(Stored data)
---

(* Conditional on Hstar = H, the only randomness is G0 ~ G(n,p) (independent of Hstar),
   and the observed graph is G = G0 :|: H. *)
Definition cond_prob (R : realType) (n : nat) (p : R) (H : {set {set 'I_n}})
    (E : {set {set 'I_n}} -> bool) : R :=
  \sum_(G0 in powerset (edges n)) gnp_weight p G0 * (E (G0 :|: H))%:R.

Definition cond_expect (R : realType) (n : nat) (p : R) (H : {set {set 'I_n}})
    (X : {set {set 'I_n}} -> R) : R :=
  \sum_(G0 in powerset (edges n)) gnp_weight p G0 * X (G0 :|: H).

(* Write N = |H*| = kn/2. If the loss is at least 2β, the estimate is a k-factor F of
   G = G0 ∪ H* with m := |F \ H*| ≥ βN, and G0 contains the m edges of F \ H*. Such an F
   is determined by D = H* \ F, a set of m edges of H*, together with F \ H*, a graph with
   the same degree sequence as D; a degree sequence d of total 2m is realised by at most
   (2m-1)!! / ∏ d_v! graphs. A union bound therefore gives
     P(loss ≥ 2β) ≤ Σ_{m ≥ βN} C(N,m) (2m-1)!! p^m ≤ Σ_{m ≥ βN} (2Np)^m ∏_{i<m} (1 - i/N)
                 ≤ Σ_{m ≥ βN} exp(m log(1+ε) - m(m-1)/(2N)) ≤ e^{β/2} Σ_{m ≥ βN} e^{-mβ/4},
   using 2Np = λk ≤ 1+ε and β ≥ 4 log(1+ε); β² ≥ 8 log n / n makes the geometric tail at
   most e^{1/2} β. Since the loss never exceeds 2, E[loss] ≤ 2β + 2 e^{1/2} β ≤ 6β. *)

From HB Require Import structures.
From mathcomp Require Import all_boot all_order all_algebra.
From mathcomp Require Import reals sequences exp.
From mathcomp Require Import zify ring lra.
Import Order.TTheory GRing.Theory Num.Theory.
Set Implicit Arguments. Unset Strict Implicit. Unset Printing Implicit Defensive.

Lemma bigD2 (R : Type) (idx : R) (op : Monoid.com_law idx) (I : finType)
    (F : I -> R) v w : v != w ->
  \big[op/idx]_u F u = op (op (F v) (F w)) (\big[op/idx]_(u | (u != v) && (u != w)) F u).
Proof.
move=> vw; rewrite (bigD1 v) //= (bigD1 w) /=; last by rewrite eq_sym.
by rewrite Monoid.mulmA.
Qed.

Section Graphs.
Variable n : nat.
Implicit Types (G A : {set {set 'I_n}}) (d : 'I_n -> nat).

Lemma edge_card2 G e : is_graph G -> e \in G -> #|e| = 2.
Proof. by move=> /subsetP sG /sG; rewrite inE => /eqP. Qed.

Lemma nonempty_graph_vertices G : is_graph G -> (0 < #|G|)%N -> (2 <= n)%N.
Proof.
move=> gG /card_gt0P [e eG]; rewrite -(edge_card2 gG eG).
by apply: leq_trans (max_card _) _; rewrite card_ord.
Qed.

Lemma degreeE G v : degree G v = \sum_(e in G) (v \in e : nat).
Proof.
rewrite /degree -sum1_card big_mkcond [RHS]big_mkcond /=.
by apply: eq_bigr => e _; rewrite inE; case: (e \in G); case: (v \in e).
Qed.

Lemma sum_degree G : is_graph G -> \sum_v degree G v = (2 * #|G|)%N.
Proof.
move=> gG; rewrite (eq_bigr _ (fun v _ => degreeE G v)) exchange_big /=.
rewrite -sum1_card big_distrr /=; apply: eq_bigr => e eG.
by rewrite muln1 -(edge_card2 gG eG) -sum1_card [RHS]big_mkcond.
Qed.

Lemma degree_neighbours G v : is_graph G ->
  degree G v = #|[set w | (w != v) && ([set v; w] \in G)]|.
Proof.
move=> gG; rewrite /degree.
have inj : {in [set w | (w != v) && ([set v; w] \in G)] &, injective (fun w => [set v; w])}.
  move=> w1 w2; rewrite !inE => /andP[w1v _] _ /setP/(_ w1).
  by rewrite !inE eqxx orbT (negbTE w1v) => /esym/eqP.
rewrite -(card_in_imset inj); apply: eq_card => e; rewrite !inE.
apply/andP/imsetP => [[eG ve]|[w]]; last first.
  by rewrite inE => /andP[_ vwG] ->; rewrite vwG set21.
have /eqP/cards2P [x [y [xy exy]]] := edge_card2 gG eG.
move: ve; rewrite exy in_set2 => /orP[] /eqP vx; subst v.
  by exists y; rewrite // inE eq_sym xy -exy eG.
by exists x; rewrite 1?setUC // inE xy /= setUC -exy.
Qed.

Lemma degreeD1 G f u : f \in G -> degree (G :\ f) u = degree G u - (u \in f).
Proof.
move=> fG; rewrite /degree.
have -> : [set e in G :\ f | u \in e] = [set e in G | u \in e] :\ f.
  by apply/setP => e; rewrite !inE andbA.
by rewrite [#|[set e in G | u \in e]|](cardsD1 f) inE fG /= addKn.
Qed.

Lemma degreeID G K v : degree G v = degree (G :&: K) v + degree (G :\: K) v.
Proof.
rewrite /degree -(cardsID K [set e in G | v \in e]); congr (_ + _); apply: eq_card => e;
  by rewrite !inE; case: (e \in G); case: (e \in K); case: (v \in e).
Qed.

Definition graphs_of_degrees d : {set {set {set 'I_n}}} :=
  [set A | is_graph A & [forall v, degree A v == d v]].
(* Let $D_{28}$ be the $28\times 28$ integer matrix $\begin{pmatrix} A & B\\ -B^T & A^T\end{pmatrix}$, where $A$ and $B$ are $14\times 14$ negacirculant matrices with first rows $r_A=(0,1,2,0,0,0,0,0,0,0,0,0,2,1)$ and $r_B=(-1,0,1,-1,0,2,-1,2,0,1,1,0,-1,2)$. (This matrix satisfies $D_{28}D_{28}^T=29I$ and $D_{28}^T=-D_{28}$.) Let $C_5(D_{28})$ be the $\mathbb{Z}_5$-code of length $56$ with generator matrix $(I\ \ D_{28})$, entries read modulo $5$. Then $A_5(C_5(D_{28}))$ contains a $k$-frame for every positive integer $k\ge 5$ that is not of the form $2^{m_1}3^{m_2}7^{m_3}17^{m_4}23^{m_5}$ with $m_1,\dots,m_5$ non-negative integers.
   Context: An $N\times N$ negacirculant matrix with first row $(r_0,\dots,r_{N-1})$ is the matrix whose $(i,j)$ entry ($0\le i,j\le N-1$) is $r_{j-i}$ if $j\ge i$ and $-r_{N+j-i}$ if $j<i$. Construction A: with $\rho:\mathbb{Z}_k\to\mathbb{Z}$ sending $0,1,\dots,k-1$ to $0,1,\dots,k-1$, for a $\mathbb{Z}_k$-code $C$ of length $N$ set $A_k(C)=\frac{1}{\sqrt{k}}\{\rho(C)+k\mathbb{Z}^N\}$. A $t$-frame of a lattice in dimension $N$ is a set of $N$ lattice vectors $f_1,\dots,f_N$ with $(f_i,f_j)=t\,\delta_{i,j}$. *)

From HB Require Import structures.
From mathcomp Require Import all_boot all_order all_algebra.
Set Implicit Arguments. Unset Strict Implicit. Unset Printing Implicit Defensive.
Import Order.TTheory GRing.Theory Num.Theory.
Local Open Scope ring_scope.

Definition negacirculant (N : nat) (r : seq int) : 'M[int]_N :=
  \matrix_(i < N, j < N)
    if (i <= j)%N then r`_(j - i) else - r`_(N + j - i).

Definition rA : seq int := [:: 0; 1; 2; 0; 0; 0; 0; 0; 0; 0; 0; 0; 2; 1].
Definition rB : seq int :=
  [:: -1; 0; 1; -1; 0; 2; -1; 2; 0; 1; 1; 0; -1; 2].

Definition A14 : 'M[int]_14 := negacirculant 14 rA.
Definition B14 : 'M[int]_14 := negacirculant 14 rB.

Definition D28 : 'M[int]_(14 + 14) := block_mx A14 B14 (- B14^T) A14^T.

Definition red (k : nat) (z : int) : 'Z_k := z%:~R.

Definition gen5 : 'M['Z_5]_(14 + 14, (14 + 14) + (14 + 14)) :=
  row_mx 1%:M (map_mx (red 5) D28).

Definition code_of (k m n : nat) (G : 'M['Z_k]_(m, n)) : 'rV['Z_k]_n -> Prop :=
  fun c => exists u : 'rV['Z_k]_m, c = u *m G.

Definition C5D28 := code_of gen5.

Definition rho (k : nat) (a : 'Z_k) : int := (nat_of_ord a)%:Z.

(* Construction A: A_k(C) = 1/sqrt(k) (rho(C) + k Z^n).
   A vector of A_k(C) is represented by y in Z^n (the lattice vector is
   y / sqrt k); membership means y is in rho(C) + k Z^n. *)
Definition inAk (k n : nat) (C : 'rV['Z_k]_n -> Prop) (y : 'rV[int]_n) : Prop :=
  exists c, C c /\ exists z : 'rV[int]_n, y = map_mx (@rho k) c + k%:Z *: z.

(* inner product of the lattice vectors y/sqrt k and y'/sqrt k, times k *)
Definition dotZ (n : nat) (y y' : 'rV[int]_n) : int := (y *m y'^T) 0 0.

Definition has_frame (k n : nat) (C : 'rV['Z_k]_n -> Prop) (t : nat) : Prop :=
  exists f : 'I_n -> 'rV[int]_n,
    (forall i, inAk C (f i)) /\
    (forall i j, dotZ (f i) (f j) = if i == j then (k * t)%:Z else 0).

From HB Require Import structures.
From mathcomp Require Import all_boot all_order all_algebra ring zify.
Set Implicit Arguments. Unset Strict Implicit. Unset Printing Implicit Defensive.
Import GRing.Theory Num.Theory.
Local Open Scope ring_scope.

---

Task requirements: Without changing anything, quote the lines from the top of the data to the line that contains "P(loss ≥ 2β)", including that line.

Expected output:
(* Conditional on Hstar = H, the only randomness is G0 ~ G(n,p) (independent of Hstar),
   and the observed graph is G = G0 :|: H. *)
Definition cond_prob (R : realType) (n : nat) (p : R) (H : {set {set 'I_n}})
    (E : {set {set 'I_n}} -> bool) : R :=
  \sum_(G0 in powerset (edges n)) gnp_weight p G0 * (E (G0 :|: H))%:R.

Definition cond_expect (R : realType) (n : nat) (p : R) (H : {set {set 'I_n}})
    (X : {set {set 'I_n}} -> R) : R :=
  \sum_(G0 in powerset (edges n)) gnp_weight p G0 * X (G0 :|: H).

(* Write N = |H*| = kn/2. If the loss is at least 2β, the estimate is a k-factor F of
   G = G0 ∪ H* with m := |F \ H*| ≥ βN, and G0 contains the m edges of F \ H*. Such an F
   is determined by D = H* \ F, a set of m edges of H*, together with F \ H*, a graph with
   the same degree sequence as D; a degree sequence d of total 2m is realised by at most
   (2m-1)!! / ∏ d_v! graphs. A union bound therefore gives
     P(loss ≥ 2β) ≤ Σ_{m ≥ βN} C(N,m) (2m-1)!! p^m ≤ Σ_{m ≥ βN} (2Np)^m ∏_{i<m} (1 - i/N)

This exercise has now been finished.